Build both futures and drive them together with tokio::join!. (Awaiting them one at a time is sequential precisely because the second future hasn’t started yet.)

use std::time::Instant;
use tokio::time::{sleep, Duration};

async fn fetch_price(symbol: &str, ms: u64) -> f64 {
    sleep(Duration::from_millis(ms)).await;
    println!("got price for {symbol}");
    100.0
}

#[tokio::main]
async fn main() {
    let start = Instant::now();
    // Concurrent: build both futures, then join! drives them together.
    let (apple, google) = tokio::join!(
        fetch_price("AAPL", 80),
        fetch_price("GOOG", 80),
    );
    println!(
        "total {:.1} in ~{} ms",
        apple + google,
        start.elapsed().as_millis()
    );
}

Output (the two “got price” lines may appear in either order):

got price for GOOG
got price for AAPL
total 200.0 in ~82 ms

join! is the Promise.all analogue — see select-join.md.

Exercise 3: Implement Future by hand

Difficulty: Advanced

Objective: Prove to yourself that “lazy” means “polled,” by writing a Future whose poll you control.

Instructions: Implement a PendingOnce future that returns Poll::Pending the first time it is polled and Poll::Ready("ready now") the second time. Remember to wake the task before returning Pending, or the executor will never poll you again.

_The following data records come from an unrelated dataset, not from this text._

Lemma scalar_objective_leif (R : realType) (lam b x : R) : 0 < lam -> 0 < x < 1 ->
  scalar_objective lam b x <= scalar_objective lam b (a_coef lam b)
  ?= iff (x == a_coef lam b).
Proof.
move=> lam0 /andP[x0]; rewrite -subr_gt0 => x1; set a := a_coef lam b.
have a0 : 0 < a := a_coef_gt0 b lam0.
have a1 : 0 < 1 - a by rewrite subr_gt0 a_coef_lt1.
have lnx : ln x = ln (x / a) + ln a by rewrite ln_div ?posrE // subrK.
have lnx' : ln (1 - x) = ln ((1 - x) / (1 - a)) + ln (1 - a).
  by rewrite ln_div ?posrE // subrK.
(* Bounding both logarithms by their tangents at 1, the linear terms cancel
   because a is a stationary point. *)
have tangent : (x / a - 1) + lam * ((1 - x) / (1 - a) - 1) = b * (x - a).
  rewrite -(a_coef_stationary b lam0) -/a; field.
  by rewrite !gt_eqF.
have ln_1x := (ln_leif (divr_gt0 x1 a1)).1.
apply/leifP; have [->|xa] := eqVneq x a; first exact: eqxx.
have ln_x : ln (x / a) < x / a - 1.
  rewrite (lt_leif (ln_leif (divr_gt0 x0 a0))); apply: contra xa => /eqP xa1.
  by rewrite -[x](divfK (lt0r_neq0 a0)) xa1 mul1r.
rewrite /scalar_objective lnx lnx'.
have := ler_wpM2l (ltW lam0) ln_1x; nra.
Qed.

Section DiagonalizedObjective.
Variables (R : realType) (n : nat) (lam : R) (b : 'rV[R]_n).

Definition diag_objective (X : 'M[R]_n) : R :=
  - \sum_i b 0 i * X i i + ln (\det X) + lam * ln (\det (1%:M - X)).

Lemma sum_scalar_objective (x : 'I_n -> R) :
  \sum_i scalar_objective lam (b 0 i) (x i) =
  - \sum_i b 0 i * x i + \sum_i ln (x i) + lam * \sum_i ln (1 - x i).
Proof.
rewrite !big_split /= -sumrN mulr_sumr.
by congr (_ + _ + _); apply: eq_bigr => i _; rewrite mulNr.
Qed.

Lemma diag_objective_diag_mx (x : 'rV[R]_n) : (forall i, 0 < x 0 i < 1) ->
  diag_objective (diag_mx x) = \sum_i scalar_objective lam (b 0 i) (x 0 i).
Proof.
move=> x01; have x_gt0 i : 0 < x 0 i by case/andP: (x01 i).
have x_lt1 i : 0 < 1 - x 0 i by case/andP: (x01 i); rewrite subr_gt0.
rewrite sum_scalar_objective /diag_objective -diag_const_mx -linearB /= !det_diag.
rewrite (ln_prod _ x_gt0) ln_prod => [|i]; last by rewrite !mxE.
congr (- _ + _ + lam * _); apply: eq_bigr => i _; first by rewrite mxE eqxx mulr1n.
by rewrite !mxE.
Qed.

Lemma diag_objective_leif_sum (X : 'M[R]_n) : 0 <= lam -> feasible X ->
  diag_objective X <= \sum_i scalar_objective lam (b 0 i) (X i i) ?= iff is_diag_mx X.
Proof.
move=> lam0 fX; have [PX PY] := fX; have X01 := feasible_diag_gt0_lt1 fX.
apply/leifP; case: ifPn => [Xdiag|XnD].
  have XE : X = diag_mx (\row_i X i i).
    by apply/eqP; rewrite eq_diag_mx Xdiag; apply/forallP => i; rewrite mxE.
  rewrite [in diag_objective X]XE diag_objective_diag_mx => [|i]; last by rewrite mxE.
  by apply/eqP; apply: eq_bigr => i _; rewrite mxE.
have X_gt0 i : 0 < X i i by case/andP: (X01 i).
have X_lt1 i : 0 < 1 - X i i by case/andP: (X01 i); rewrite subr_gt0.
have lnX : ln (\det X) < \sum_i ln (X i i).
  rewrite -(ln_prod _ X_gt0) ltr_ln ?posrE ?det_posdef_gt0 ?prodr_gt0 //.
  by rewrite (lt_leif (hadamard_leif PX)) XnD.
have lnY : ln (\det (1%:M - X)) <= \sum_i ln (1 - X i i).
  rewrite -(ln_prod _ X_lt1) ler_ln ?posrE ?det_posdef_gt0 ?prodr_gt0 //.
  rewrite (le_trans (hadamard_leif PY).1) // le_eqVlt; apply/orP; left.
  by apply/eqP/eq_bigr => i _; rewrite !mxE eqxx mulr1n.
rewrite sum_scalar_objective /diag_objective ltr_leD ?ler_wpM2l //.
by rewrite ltrD2l.
Qed.

Lemma diag_objective_leif (X : 'M[R]_n) : 0 < lam -> feasible X ->
  let a := \row_i a_coef lam (b 0 i) in
  diag_objective X <= diag_objective (diag_mx a) ?= iff (X == diag_mx a).
Proof.
move=> lam0 fX a; have X01 := feasible_diag_gt0_lt1 fX.
have a01 i : 0 < a 0 i < 1 by rewrite mxE a_coef_gt0 ?a_coef_lt1.
rewrite diag_objective_diag_mx // eq_diag_mx.
have := leif_sum (P := xpredT) (fun i _ => scalar_objective_leif (b 0 i) lam0 (X01 i)).
move/(leif_trans (diag_objective_leif_sum (ltW lam0) fX)).
by congr (_ <= _ ?= iff _ && _); [apply: eq_bigr => i _ | apply: eq_forallb => i]; rewrite mxE.
Qed.

End DiagonalizedObjective.

Lemma objective_conj (R : realType) n (lam : R) (DU DV H : 'M[R]_n) (b : 'rV[R]_n) K :
  H *m H^T = 1%:M -> DU - lam *: DV = H *m diag_mx b *m H^T ->
  objective lam DU DV K = diag_objective lam b (H^T *m K *m H) - lam * \tr DV.
Proof.
move=> HH DUV; have HtH : H^T *m H = 1%:M := mulmx1C HH.
have detC M : \det (H^T *m M *m H) = \det M.
  by rewrite !det_mulmx mulrAC -det_mulmx HtH det1 mul1r.
have trC : \tr ((DU - lam *: DV) *m K) = \sum_i b 0 i * (H^T *m K *m H) i i.
  rewrite DUV -!mulmxA mxtrace_mulC !mulmxA /mxtrace.
  by apply: eq_bigr => i _; rewrite -!mulmxA mul_diag_mx mxE.
have IC : 1%:M - H^T *m K *m H = H^T *m (1%:M - K) *m H.
  by rewrite mulmxBr mulmxBl mulmx1 HtH.
rewrite /objective /diag_objective IC !detC -trC mulmxBl -scalemxAl mulmxBr mulmx1.
rewrite !raddfB /= mxtraceZ; ring.
Qed.

Theorem theorem5 (R : realType) (n : nat) (lam : R)
  (KU0 KV0 S1 S2 H : 'M[R]_n) (b : 'rV[R]_n) :
  1 < lam ->
  posdef KU0 -> posdef KV0 -> posdef S1 -> posdef S2 ->
  KU0 + KV0 = 1%:M ->
  let A := KV0 *m invmx (1%:M + S2) in
  let W1 := KV0 - KV0 *m invmx (1%:M + S2) *m KV0 in
  let B := KU0 *m invmx (KU0 + S1) in
  let W2 := KU0 - KU0 *m invmx (KU0 + S1) *m KU0 in
  let DU := invmx W2 - invmx W2 *m B - B^T *m invmx W2 + B^T *m invmx W2 *m B in
  let DV := invmx W1 - A^T *m invmx W1 - invmx W1 *m A in
  H *m H^T = 1%:M ->
  DU - lam *: DV = H *m diag_mx b *m H^T ->
  let Kopt := H *m diag_mx (\row_i a_coef lam (b 0 i)) *m H^T in
  feasible Kopt /\
  (forall K : 'M[R]_n, feasible K -> objective lam DU DV K <= objective lam DU DV Kopt) /\
  (forall K : 'M[R]_n, feasible K -> K != Kopt ->
     objective lam DU DV K < objective lam DU DV Kopt).
Proof.
(* Only the eigen-decomposition of DU - lam DV matters, not how DU and DV
   arise from KU0, KV0, S1 and S2. *)
move=> lam1 _ _ _ _ _ A W1 B W2 DU DV HH DUV Kopt.
have lam0 : 0 < lam := lt_trans ltr01 lam1.
have HtH : H^T *m H = 1%:M := mulmx1C HH.
pose a := \row_i a_coef lam (b 0 i).
have conjK K : H *m (H^T *m K *m H) *m H^T = K.
  by rewrite !mulmxA HH mul1mx -mulmxA HH mulmx1.
have XKopt : H^T *m Kopt *m H = diag_mx a.
  by rewrite /Kopt !mulmxA HtH mul1mx -mulmxA HtH mulmx1.
have opt K : feasible K ->
    objective lam DU DV K <= objective lam DU DV Kopt ?= iff (K == Kopt).
  move=> fK; rewrite !(objective_conj _ HH DUV) XKopt (mono_leif (lerD2r _)).
  have -> : (K == Kopt) = (H^T *m K *m H == diag_mx a).
    by apply/eqP/eqP => [->|XK]; [exact: XKopt | rewrite -(conjK K) XK].
  by apply: diag_objective_leif => //; apply: feasible_conj.
have a01 i : 0 < a 0 i < 1 by rewrite mxE a_coef_gt0 ?a_coef_lt1.
have HtHt : H^T *m H^T^T = 1%:M by rewrite trmxK.
split; first by have := feasible_conj HtHt (feasible_diag_mx a01); rewrite trmxK.
split=> [K /opt /leifP|K /opt/lt_leif ->//]; case: eqP => [-> | _] //; exact: ltW.
Qed.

Await it from main and print the result.

use std::future::Future;
use std::pin::Pin;
use std::task::{Context, Poll};

struct PendingOnce {
    polled_before: bool,
}

impl Future for PendingOnce {
    type Output = &'static str;

    fn poll(self: Pin<&mut Self>, cx: &mut Context<'_>) -> Poll<Self::Output> {
        // TODO: Pending first, Ready second; wake before returning Pending.
        todo!()
    }
}

#[tokio::main]
async fn main() {
    let result = PendingOnce { polled_before: false }.await;
    println!("{result}");
}

Solution

use std::future::Future;
use std::pin::Pin;
use std::task::{Context, Poll};

// Returns Pending the first poll, Ready the second. Demonstrates the poll loop.
struct PendingOnce {
    polled_before: bool,
}

impl Future for PendingOnce {
    type Output = &'static str;

    fn poll(mut self: Pin<&mut Self>, cx: &mut Context<'_>) -> Poll<Self::Output> {
        if self.polled_before {
            Poll::Ready("ready now")
        } else {
            self.polled_before = true;
            cx.waker().wake_by_ref(); // ask the executor to poll us again
            Poll::Pending
        }
    }
}

#[tokio::main]
async fn main() {
    let result = PendingOnce { polled_before: false }.await;
    println!("{result}");
}

Output:

ready now

The cx.waker().wake_by_ref() call is essential: returning Poll::Pending tells the runtime “not done,” and the waker is how you signal “poll me again.” Without it, the task would sleep forever. This is the machinery async/await generates for you automatically — which is why you should almost never write it by hand.